Научное исследование мира хорошо — но не само по себе. В своей автономности оно разрушительно. Мир — символ Бога. Если исследуя его, человек забыл, Кто стоит за книгой Природы, неизбежна серьезная ошибка в грамматике бытия. Карсавин это поясняет так: "На таверне висит вывеска — лилия. Она указывает на продающееся в таверне вино. Не дураком ли будет тот, кто вместо того, чтобы зайти за вином в таверну, станет его искать около вывески, на улице?"

В этом же контексте понятны и слова св. Феофана Затворника: "Но вопрос все еще остается нерешенным: так как же можно читать иное что, кроме духовного? Сквозь зубы говорю вам, чуть слышно: пожалуй, можно — только немного и не без разбора". Тут надо трезво наблюдать за собой — как бы не "занавозить свою чистую головку"…

Если же надлежащие меры духовной безопасности соблюдаются — "люби Бога и делай что хочешь". Христианство требует гармонии духовной работы и работы разума, гармонии духовного познания и светской культуры, а не отсечения всего внебиблейского. Потому и сказал величайший для русского богословия авторитет — митр. Филарет (Дроздов): "Вера Христова не во вражде с истинным знанием, потому что не в союзе с невежеством".

Последние слова московского Святителя очень схожи с позицией Эразма Роттердамского, вопрошавшего протестантских сторонников принципа "sola scriptura": "Вы спрашиваете, зачем нужна философия для изучения Писания? Отвечаю: А зачем нужно для этого невежество?" Если теперь эти принципы мы перенесем на обсуждение отношений между верой и знанием, то увидим, что и здесь восточные Отцы не видели повода для конфликта. "Неукоризненно ведение, но выше его вера. Если укорим, то не самое ведение укорим", — говорит преп. Исаак Сирин. Так что "необходимо категорически утверждать, что учение о вере без знания не имеет никакого отношения ни к классическому христианству, ни к средним векам в частности, — полемизирует с идеологией сциентизма А.Ф.Лосев. — Никакой живой религии это вообще не свойственно. Надо бороться против векового обмана и клеветы, возводимой на христианство и на средневековье либерально-гуманистическими мыслителями. Колоссальная по своей глубине, широте, тонкости и напряженности антично-средневековая диалектика, пред которой меркнут Фихте, Шеллинг и Гегель, объявлена раз навсегда бесплодной метафизикой, "мистическим туманом", "тьмой" и "невежеством". Ослепление новой рационалистической верой не видит, что и священные книги, и богословские труды всех отцов Церкви полны учений о свете, об уме и разуме, о просвещении, о слове, об идее и т. д.".

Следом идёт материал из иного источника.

Record IsStrict2Group (G : TwoGroupData) : Prop := {
  dom_id : forall x : Ob G, dom (idm x) = x;
  cod_id : forall x : Ob G, cod (idm x) = x;
  dom_comp : forall f g : Mor G, cod f = dom g -> dom (comp g f) = dom f;
  cod_comp : forall f g : Mor G, cod f = dom g -> cod (comp g f) = cod g;
  comp_id_r : forall f : Mor G, comp f (idm (dom f)) = f;
  comp_id_l : forall f : Mor G, comp (idm (cod f)) f = f;
  comp_assoc : forall f g h : Mor G, cod f = dom g -> cod g = dom h ->
      comp h (comp g f) = comp (comp h g) f;
  dom_minv : forall f : Mor G, dom (minv f) = cod f;
  cod_minv : forall f : Mor G, cod (minv f) = dom f;
  minv_l : forall f : Mor G, comp (minv f) f = idm (dom f);
  minv_r : forall f : Mor G, comp f (minv f) = idm (cod f);
  dom_tensm : forall f g : Mor G, dom (tensm f g) = tens (dom f) (dom g);
  cod_tensm : forall f g : Mor G, cod (tensm f g) = tens (cod f) (cod g);
  tensm_id : forall x y : Ob G, tensm (idm x) (idm y) = idm (tens x y);
  tensm_comp : forall f f' g g' : Mor G, cod f = dom f' -> cod g = dom g' ->
      tensm (comp f' f) (comp g' g) = comp (tensm f' g') (tensm f g);
  tens_assoc : forall x y z : Ob G, tens x (tens y z) = tens (tens x y) z;
  tens_unit_l : forall x : Ob G, tens (unit G) x = x;
  tens_unit_r : forall x : Ob G, tens x (unit G) = x;
  tensm_assoc : forall f g h : Mor G, tensm f (tensm g h) = tensm (tensm f g) h;
  tensm_unit_l : forall f : Mor G, tensm (idm (unit G)) f = f;
  tensm_unit_r : forall f : Mor G, tensm f (idm (unit G)) = f;
  tens_oinv_r : forall x : Ob G, tens x (oinv x) = unit G;
  tens_oinv_l : forall x : Ob G, tens (oinv x) x = unit G }.

(* x and y are isomorphic, i.e. [x] = [y] in pi_0. *)
Definition iso {G : TwoGroupData} (x y : Ob G) : Prop :=
  exists f : Mor G, dom f = x /\ cod f = y.

Record MonFunData (G H : TwoGroupData) := {
  fo : Ob G -> Ob H;
  fm : Mor G -> Mor H;
  fmu : Ob G -> Ob G -> Mor H;
  feps : Mor H }.

Record IsMonFun (G H : TwoGroupData) (F : MonFunData G H) : Prop := {
  mf_dom : forall f, dom (fm F f) = fo F (dom f);
  mf_cod : forall f, cod (fm F f) = fo F (cod f);
  mf_id : forall x, fm F (idm x) = idm (fo F x);
  mf_comp : forall f g, cod f = dom g -> fm F (comp g f) = comp (fm F g) (fm F f);
  mf_mu_dom : forall x y, dom (fmu F x y) = tens (fo F x) (fo F y);
  mf_mu_cod : forall x y, cod (fmu F x y) = fo F (tens x y);
  mf_mu_nat : forall f g,
      comp (fmu F (cod f) (cod g)) (tensm (fm F f) (fm F g))
      = comp (fm F (tensm f g)) (fmu F (dom f) (dom g));
  mf_eps_dom : dom (feps F) = unit H;
  mf_eps_cod : cod (feps F) = fo F (unit G);
  mf_assoc : forall x y z,
      comp (fmu F (tens x y) z) (tensm (fmu F x y) (idm (fo F z)))
      = comp (fmu F x (tens y z)) (tensm (idm (fo F x)) (fmu F y z));
  mf_unit_l : forall x,
      comp (fmu F (unit G) x) (tensm (feps F) (idm (fo F x))) = idm (fo F x);
  mf_unit_r : forall x,
      comp (fmu F x (unit G)) (tensm (idm (fo F x)) (feps F)) = idm (fo F x) }.

Definition mfcomp (G H L : TwoGroupData) (F : MonFunData G H) (K : MonFunData H L)
  : MonFunData G L :=
  {| fo := fun x => fo K (fo F x);
     fm := fun f => fm K (fm F f);
     fmu := fun x y => comp (fm K (fmu F x y)) (fmu K (fo F x) (fo F y));
     feps := comp (fm K (feps F)) (feps K) |}.

Definition mfid (G : TwoGroupData) : MonFunData G G :=
  {| fo := fun x => x; fm := fun f => f;
     fmu := fun x y => idm (tens x y); feps := idm (unit G) |}.
Lemma rdual_ractE V (r : R^c) (f : rdual V) v : rdev (bract f r) v = (r : R) * rdev f v.
Proof. by []. Qed.

Lemma rdual_zeroE V v : rdev (bzero (rdual V)) v = 0.
Proof. by []. Qed.

Lemma rdual_sumE V (I : Type) (s : seq I) (g : I -> rdual V) v :
  rdev (bsum [seq g i | i <- s]) v = \sum_(i <- s) rdev (g i) v.
Proof. by elim: s => [|i s IH]; rewrite ?big_nil ?big_cons //= -IH. Qed.

Lemma rdual_ext V (f g : rdual V) : (forall v, rdev f v = rdev g v) -> f = g.
Proof. exact: rdual_eq. Qed.

Lemma rdev_gcast (F : nat -> bimod R) m n (e : m = n) (a : rdual (F m)) v :
  rdev (gcast (fun k => rdual (F k) : Type) e a) v
  = rdev a (gcast (fun k => F k : Type) (esym e) v).
Proof. by move: v; case: n / e. Qed.

Lemma rdual_expand V (bs : seq (V * rdual V)) (g : rdual V) : is_rdual_basis bs ->
  g = bsum [seq bract x.2 (rdev g x.1 : R^c) | x <- bs].
Proof.
move=> Hbs; apply: rdual_ext => v; rewrite rdual_sumE {1}(Hbs v) rdev_bsum.
by apply: eq_bigr => x _; rewrite rdev_ract.
Qed.

Lemma teq_rdual (M N : bimod R) (bM : seq (M * rdual M)) (s t : seq (rdual M * rdual N)) :
  is_rdual_basis bM ->
  (forall m n, \sum_(x <- s) rdev x.2 (blact (rdev x.1 m) n)
             = \sum_(x <- t) rdev x.2 (blact (rdev x.1 m) n)) -> teq s t.
Proof.
move=> HbM H G F [FDl [FDr FB]].
have red (u : seq (rdual M * rdual N)) : \sum_(x <- u) F x.1 x.2 =
    \sum_(e <- bM) F e.2 (bsum [seq blact (rdev x.1 e.1 : R^c) x.2 | x <- u]).
  transitivity (\sum_(x <- u) \sum_(e <- bM) F e.2 (blact (rdev x.1 e.1 : R^c) x.2)).
    apply: eq_bigr => x _; rewrite {1}(rdual_expand x.1 HbM).
    rewrite (additive_bsum (f := F^~ x.2)) //.
    by apply: eq_bigr => e _; rewrite FB.
  rewrite exchange_big; apply: eq_bigr => e _.
  by rewrite (additive_bsum (f := F e.2)).
rewrite !red; apply: eq_bigr => e _; congr F; apply: rdual_ext => n.
by rewrite !rdual_sumE; exact: H.
Qed.

Lemma teq3_rdual (M N P : bimod R) (bM : seq (M * rdual M)) (bN : seq (N * rdual N))
  (s t : seq (rdual M * rdual N * rdual P)) : is_rdual_basis bM -> is_rdual_basis bN ->
  (forall m n p, \sum_(x <- s) rdev x.2 (blact (rdev x.1.2 (blact (rdev x.1.1 m) n)) p)
             = \sum_(x <- t) rdev x.2 (blact (rdev x.1.2 (blact (rdev x.1.1 m) n)) p)) ->
  teq3 s t.
Proof.
move=> HbM HbN H G F [FD1 [FD2 [FD3 [FB1 FB2]]]].
have red (u : seq (rdual M * rdual N * rdual P)) : \sum_(x <- u) F x.1.1 x.1.2 x.2 =
    \sum_(e <- bM) \sum_(f <- bN)
      F e.2 f.2 (bsum [seq blact (rdev x.1.2 (blact (rdev x.1.1 e.1) f.1) : R^c) x.2
                      | x <- u]).
  transitivity (\sum_(x <- u) \sum_(e <- bM) \sum_(f <- bN)
      F e.2 f.2 (blact (rdev x.1.2 (blact (rdev x.1.1 e.1) f.1) : R^c) x.2)).
    apply: eq_bigr => x _; rewrite {1}(rdual_expand x.1.1 HbM).
    rewrite (additive_bsum (f := fun m => F m x.1.2 x.2)) //.
    apply: eq_bigr => e _; rewrite FB1 {1}(rdual_expand (blact _ x.1.2) HbN).
    rewrite (additive_bsum (f := fun n => F e.2 n x.2)) //.
    by apply: eq_bigr => f _; rewrite FB2.
  rewrite exchange_big; apply: eq_bigr => e _; rewrite exchange_big.
  by apply: eq_bigr => f _; rewrite (additive_bsum (f := F e.2 f.2)).
rewrite !red; apply: eq_bigr => e _; apply: eq_bigr => f _; congr F.
by apply: rdual_ext => p; rewrite !rdual_sumE; exact: H.
Qed.

End RightDualTheory.

(** * Graded duals of an almost-Koszul pair *)

Section GradedDuals.
Variables (R : pzRingType) (A : nat -> bimod R)
  (mulA : forall p q, A p -> A q -> A (p + q)%N) (etaA : R -> A 0%N)
  (C : nat -> bimod R) (delC : forall p q, C (p + q)%N -> seq (C p * C q))
  (epsC : C 0%N -> R) (theta : C 1%N -> A 1%N).
Hypothesis HAC : almost_koszul mulA etaA delC epsC theta.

Приведенные выше суждения Отцов способны, кроме того, подкрепить слова П.Фейерабенда: "В отличие от науки церковь во всяком случае изучала другие системы верований". Фейерабенд отказ науки последних двух столетий от допущения вненаучных путей соприкосновения с истиной называл "научным шовинизмом". Именно эти сциентистские манипуляции и вызвали резкую реакцию св. Феофана Затворника: "науки нет, а есть научники, которые вертят наукою как хотят"[21]. По сути же непреодолимого противоречия веры и знания здесь нет — доводы сердца вполне могут быть согласованы с доводами разума, если последний согласится считать внутреннюю природу человека не менее важным источником опыта, чем мир внешний. Это вполне разумная позиция Церкви, и мы можем лишь сказать словами Хомякова: "Церковь имеет то удивительное свойство, что она всегда рациональнее человеческого рационализма".

Если какое-то знание получено нерациональным, нетехнологичным путем, это не значит, что оно не может быть рационализировано позднее. История догматического богословия Церкви как раз и есть история сдвижения границ рационализируемости содержания веры, причем само это сдвижение происходит в поле одного и того же изначально данного в откровении опыта. Так, в Ветхом Завете следы рационализации веры практически минимальны, можно прочитать весь Ветхий Завет и не встретить каких-либо следов сознательного и явного употребления логического инструментария, в частности дефиниций. Предмет рассмотрения уясняется путем использования различного рода метафор, уподоблений, притчей.

Эта традиция была продолжена и в Новом Завете. Исключение можно сделать, пожалуй, только для Послания Павла к Евреям, которое, как неоднократно отмечалось, отличается от всего новозаветного корпуса своей четко выраженной приверженностью греческим канонам и нормам построения текста.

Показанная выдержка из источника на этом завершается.